Protech Home Medical (Vancouver: PTQ) (OTC: PTQQF) provides in-home monitoring and disease management services including end-to-end respiratory solutions for patients in the United States healthcare market, explains Ryan Irvine, contributing editor to Internet Wealth Builder.

It seeks to continue to expand its offerings to include the management of several chronic disease states focusing on patients with heart or pulmonary disease, sleep disorders, reduced mobility and other chronic health conditions.

The primary business objective of the company is to create shareholder value by offering a broader range of services to patients in need of in-home monitoring and chronic disease management.

The company’s organic growth strategy is to increase annual revenue per patient by offering multiple services to the same patient, consolidating the patient’s services and making life easier for the patient.

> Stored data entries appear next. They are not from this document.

Lemma measurable_fun_nat_comp d' (U : measurableType d') f (h : nat -> U) (D : set T) :
  measurable D -> measurable_fun setT f -> measurable_fun D (h \o f).
Proof. by move=> mD mf; apply: measurable_funTS; exact: measurableT_comp. Qed.

Lemma measurable_fun_nat_index d' (U : measurableType d') N (g : nat -> T -> U) :
  measurable_fun setT N -> (forall m, measurable_fun setT (g m)) ->
  measurable_fun setT (fun t => g (N t) t).
Proof.
move=> mN mg _ Y mY; rewrite setTI.
rewrite (_ : _ @^-1` _ = \bigcup_m (N @^-1` [set m] `&` g m @^-1` Y)).
  apply: bigcup_measurable => m _; apply: measurableI.
    exact: measurable_preimage_nat.
  by rewrite -[_ @^-1` _]setTI; exact: mg.
by apply/seteqP; split => [t Yt|t [m _ [/= -> //]]]; exists (N t).
Qed.

Lemma measurable_fun_natD f g : measurable_fun setT f -> measurable_fun setT g ->
  measurable_fun setT (fun t => f t + g t)%N.
Proof.
move=> mf mg; apply: (measurable_fun_nat_index (g := fun a t => a + g t)%N) => // a.
exact: (measurable_fun_nat_comp (addn a) measurableT mg).
Qed.

Lemma measurable_fun_natsum (f : nat -> T -> nat) m :
  (forall i, measurable_fun setT (f i)) ->
  measurable_fun setT (fun t => \sum_(i < m) f i t)%N.
Proof.
move=> mf; elim: m => [|m IH].
  by under eq_fun do rewrite big_ord0; exact: measurable_cst.
under eq_fun do rewrite big_ord_recr /=.
exact: measurable_fun_natD.
Qed.

End nat_valued_functions.

Section integral_nat_valued.
Local Open Scope ereal_scope.
Context d (T : measurableType d) (R : realType).

Lemma ge0_integral_nat_partition (mu : {measure set T -> \bar R}) (A : set T)
    (W : T -> nat) (f : T -> \bar R) :
  measurable A -> measurable_fun setT W -> measurable_fun A f ->
  (forall x, A x -> 0 <= f x) ->
  \int[mu]_(x in A) f x = \sum_(k <oo) \int[mu]_(x in A `&` W @^-1` [set k]) f x.
Proof.
move=> mA mW mf f0.
have eA : A = \bigcup_k (A `&` W @^-1` [set k]).
  by apply/seteqP; split => [t At|t [k _ []//]]; exists (W t).
rewrite {1 2 3}eA in mf f0 *; apply: ge0_integral_bigcup => //.
  by move=> k; apply: measurableI => //; exact: measurable_preimage_nat.
apply/trivIsetP => i j _ _ ij; apply/seteqP; split => // t [[_ /= ->] [_ /= e]].
by move: ij; rewrite e eqxx.
Qed.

Recent financials: Revenues for the fourth quarter (to Dec. 31) were $25 million, an increase of $5.5 million or 28% over the same quarter in 2019. The growth in revenues is primarily due to the acquisitions of two businesses in the first quarter of fiscal 2020 and from organic growth of 3%.

Adjusted EBITDA for the quarter was $5.9 million, an increase of 69% from $3.5 million realized in 2019. Earnings showed a loss of $2.2 million compared to a gain of $5.5 million for the same three-month period in the previous year.

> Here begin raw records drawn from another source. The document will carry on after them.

Lemma step_subgrad_lim_sub xa ya x1 y1 : (Q x1 y1 < +oo)%E ->
  x_step_min xa ya x1 -> y_step_min ya x1 y1 ->
  lim_sub (uncurryv L) (row_mx x1 y1) (step_subgrad xa ya x1 y1).
Proof.
move=> Q1_fin xmin ymin.
have Q1 : Q x1 y1 \is a fin_num by rewrite fin_numE Q_neq_ninfty -ltey.
(* Q (., ya) and Q (., y1) differ by the smooth q (., ya) - q (., y1), so x1 also
   minimizes Q (., y1) + Gx. *)
pose Gx x' := q x' ya - q x' y1 + (dotv (gradf xa) x' + bregman phi1 dphi1 x' xa).
have Gx_min x' : (Q x1 y1 + (Gx x1)%:E <= Q x' y1 + (Gx x')%:E)%E.
  rewrite /Gx [(q x1 ya - _ + _)%:E]EFinD [(q x' ya - _ + _)%:E]EFinD !addeA.
  by rewrite -!Q_shift; exact: xmin.
have x_sub := frechet_sub_argmin (F := Q ^~ y1) Q1
  (has_gradD (has_gradB (Hq1 ya) (Hq1 y1))
             (has_gradD (has_grad_dotv _) (has_grad_bregman xa Hphi1))) Gx_min.
have y_sub := frechet_sub_argmin (F := Q x1) Q1
  (has_gradD (has_grad_dotv _) (has_grad_bregman ya Hphi2)) ymin.
have := lim_subD (Hsub Q1_fin (frechet_sub_lim_sub x_sub) (frechet_sub_lim_sub y_sub))
  (has_grad_split Hf Hg) (contv_split Hfc Hgc).
rewrite -uncurryv_Lobj row_mxKl row_mxKr add_row_mx.
rewrite [X in lim_sub _ _ X -> _](_ : _ = step_subgrad xa ya x1 y1) //.
by rewrite /step_subgrad; congr row_mx; apply/rowP => i; rewrite !mxE; ring.
Qed.

Lemma normv_step_subgrad_le xa ya x1 y1 :
  normv (step_subgrad xa ya x1 y1) <= (Lf + eta1) * normv (x1 - xa)
    + (Lg + eta2) * normv (y1 - ya) + normv (gradxq x1 y1 - gradxq x1 ya).
Proof.
rewrite (le_trans (normv_row_mx_le _ _)) //.
have := normvD_le (gradf x1 - gradf xa) (dphi1 xa - dphi1 x1).
have := normvD_le (gradf x1 - gradf xa + (dphi1 xa - dphi1 x1))
  (gradxq x1 y1 - gradxq x1 ya).
have := normvD_le (gradg y1 - gradg ya) (dphi2 ya - dphi2 y1).
have := Hflip x1 xa; have := Hglip y1 ya.
have := Hdphi1 xa x1; have := Hdphi2 ya y1; rewrite !(normvBC xa) !(normvBC ya).
lra.
Qed.

Lemma fine_Q x y : (h x < +oo)%E -> fine (Q x y) = q x y + fine (h x).
Proof. by rewrite HQdec; have := h_neq_ninfty x; case: (h x). Qed.

Lemma Q_cont_on_domain : cont_on_domain (uncurryv Q).
Proof.
move=> z Qz e e0; have e20 : 0 < e / 2 by rewrite divr_gt0.
have hz : (h (lsubmx z) < +oo)%E by rewrite -(Q_lt_pinfty _ (rsubmx z)).
have [del1 del10 H1] := Hqcont Qz e20; have [del2 del20 H2] := Hhcont hz e20.
exists (Num.min del1 del2) => [|z' Qz']; first by rewrite lt_min del10.
have hz' : (h (lsubmx z') < +oo)%E by rewrite -(Q_lt_pinfty _ (rsubmx z')).
rewrite lt_min => /andP[/(H1 _ Qz') qz' /(le_lt_trans (normv_lsubmxB _ _))].
move=> /(H2 _ hz') hz'z.
move: qz'; rewrite /uncurryv !fine_Q // => qz'.
by have := ler_normD (q (lsubmx z') (rsubmx z') - q (lsubmx z) (rsubmx z))
  (fine (h (lsubmx z')) - fine (h (lsubmx z))); rewrite addrACA opprD; lra.
Qed.

Lemma L_cont_on_domain : cont_on_domain (uncurryv L).
Proof.
rewrite uncurryv_Lobj; apply: cont_on_domainD Q_cont_on_domain (has_grad_split Hf Hg).
exact: HQproper.1.
Qed.

Lemma L_fin z : domain (uncurryv Q) z -> uncurryv L z \is a fin_num.
Proof.
rewrite uncurryv_Lobj /domain /= => Qz; rewrite fin_numD andbT fin_numE -ltey Qz andbT.
exact: HQproper.1.
Qed.

Variables (x xh : nat -> 'rV[R]_n) (y yh : nat -> 'rV[R]_m).
Hypothesis Hxmin : forall k, x_step_min (xh k) (yh k) (x k.+1).
Hypothesis Hymin : forall k, y_step_min (yh k) (x k.+1) (y k.+1).
Hypothesis Hdom : forall k, (Q (x k.+1) (y k.+1) < +oo)%E.
Hypothesis Hsafe : forall k, (L (xh k.+1) (yh k.+1) <= L (x k.+1) (y k.+1))%E.

Let z k := row_mx (x k) (y k).
Let ell k := fine (L (x k.+1) (y k.+1)).
Let gap k := (theta1 - Lf) / 2 * normv (x k.+2 - xh k.+1) ^+ 2
           + (theta2 - Lg) / 2 * normv (y k.+2 - yh k.+1) ^+ 2.

Lemma L_iterate k : uncurryv L (z k.+1) = (ell k)%:E.
Proof.
have := @L_fin (z k.+1); rewrite /domain /= /z !uncurryv_row_mx => /(_ (Hdom k)).
by move=> /fineK.
Qed.

Lemma ell_decrease k : ell k.+1 + gap k <= ell k.
Proof.
have := le_trans (step_decrease (Hxmin k.+1) (Hymin k.+1)) (Hsafe k).
by have := L_iterate k; have := L_iterate k.+1; rewrite /z !uncurryv_row_mx => -> ->.
Qed.

Lemma gap_ge0 k : 0 <= gap k.
Proof. by rewrite addr_ge0 // mulr_ge0 ?sqr_ge0 // divr_ge0 // subr_ge0 ltW. Qed.

Lemma ell_le_ell0 k : ell k <= ell 0.
Proof.
by elim: k => // k; apply: le_trans; have := ell_decrease k; have := gap_ge0 k; lra.
Qed.

Let lstar := inf (range ell).

Lemma ell_gap_cvg : cvgr ell lstar /\ cvgr gap 0.
Proof.
apply: nonincreasing_gap_cvg gap_ge0 ell_decrease.
have [c Hc] := HLbdd; exists c => _ [k _ <-].
by have := Hc (x k.+1) (y k.+1); rewrite -(uncurryv_row_mx (Lobj f Q g)) L_iterate.
Qed.

Lemma steps_cvg0 : cvgr (fun k => normv (x k.+1 - xh k)) 0 /\
                   cvgr (fun k => normv (y k.+1 - yh k)) 0.
Proof.
have c1 : 0 < (theta1 - Lf) / 2 by rewrite divr_gt0 // subr_gt0.
have c2 : 0 < (theta2 - Lg) / 2 by rewrite divr_gt0 // subr_gt0.
have gap_x k : (theta1 - Lf) / 2 * normv (x k.+2 - xh k.+1) ^+ 2 <= gap k.
  by rewrite /gap lerDl mulr_ge0 ?sqr_ge0 // ltW.
have gap_y k : (theta2 - Lg) / 2 * normv (y k.+2 - yh k.+1) ^+ 2 <= gap k.
  by rewrite /gap lerDr mulr_ge0 ?sqr_ge0 // ltW.
split; apply: cvgr_shiftS.
  exact: cvgr_sqr_le0 c1 (fun k => normv_ge0 _) gap_x ell_gap_cvg.2.
exact: cvgr_sqr_le0 c2 (fun k => normv_ge0 _) gap_y ell_gap_cvg.2.
Qed.

Lemma iterates_bounded : exists B, forall k, normv (z k) <= B /\ normv (yh k) <= B.
Proof.
have [r Hr] := Hcoer (ell 0).
have sublevel w : (uncurryv L w <= (ell 0)%:E)%E -> normv w <= r.
  by move=> Lw; rewrite leNgt; apply/negP => /Hr /lt_le_trans /(_ Lw); rewrite ltxx.
have z_le k : normv (z k.+1) <= r by apply: sublevel; rewrite L_iterate lee_fin ell_le_ell0.
have zh_le k : normv (row_mx (xh k.+1) (yh k.+1)) <= r.
  apply: sublevel; rewrite uncurryv_row_mx (le_trans (Hsafe k)) //.
  by rewrite -(uncurryv_row_mx (Lobj f Q g)) L_iterate lee_fin ell_le_ell0.
exists (Num.max (Num.max r (normv (z 0))) (Num.max r (normv (row_mx (xh 0) (yh 0))))) => k.
split; rewrite le_max; apply/orP; [left|right].
  exact: normv_le_max_succ z_le k.
apply: le_trans (normv_le_max_succ (u := fun k => row_mx (xh k) (yh k)) zh_le k).
by rewrite -[X in normv X <= _](row_mxKr (xh k)) normv_rsubmx.
Qed.

Lemma cluster_points_dom : cluster_points z `<=` domain (uncurryv Q).
Proof.
apply: (@cluster_points_sub _ _ z _ HdomQ) => k.
by rewrite /domain /= /z uncurryv_row_mx.
Qed.

Lemma L_subseq_cvg zh (psi : nat -> nat) : cluster_points z zh ->
  cvgv (fun j => z (psi j).+1) zh -> cvgr (ell \o psi) (fine (uncurryv L zh)).
Proof.
move=> /cluster_points_dom Qzh cvg_psi.
have Lzh : (uncurryv L zh < +oo)%E by rewrite uncurryv_Lobj ltey_DEFin.
have Lz k : (uncurryv L (z k.+1) < +oo)%E by rewrite L_iterate ltry.
have := cvgr_cont_on_domain L_cont_on_domain Lzh (fun j => Lz (psi j)) cvg_psi.
by congr cvgr; apply/funext => j; rewrite /= L_iterate.
Qed.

Balance sheet: As of Sept. 30, 2020, Protech had a cash balance of $38.9 million compared to $44.7 million on June 30. Working capital at the end of the quarter was $27.9 million, and the company had a debt and lease balance of $30.6 million, providing it with a net cash position of $8.3 million or $0.08 per share.

Valuation: Based on a trailing EV/EBITDA multiple, Protech trades at approximately 10.6 times, indicating that the company is relatively cheap in relation to its trailing twelve-month adjusted EBITDA.

If we are to value the company based on the midpoint of its forward adjusted EBITDA run rate of $28 million and trading at a justified EV/EBITDA multiple of 10 times, we estimate fair value at approximately $2.70 per share. After a pull-back in February, the stock has been moving up and is currently near its all-time high.

Conclusion: Protech remains an attractive growth by acquisition company in the healthcare sector. The company continues to announce acquisitions and execute on its growth strategy and recently declared its desire to up-list to Nasdaq, which could increase the stock’s exposure.

Management’s updated run-rate guidance is again positive with revenue of $130 million and adjusted EBITDA of approximately $28 million. As stated in our last update on Protech, if the company is able to further acquire accretive acquisitions and execute on the margin side of the business, we see further upside potential in the stock.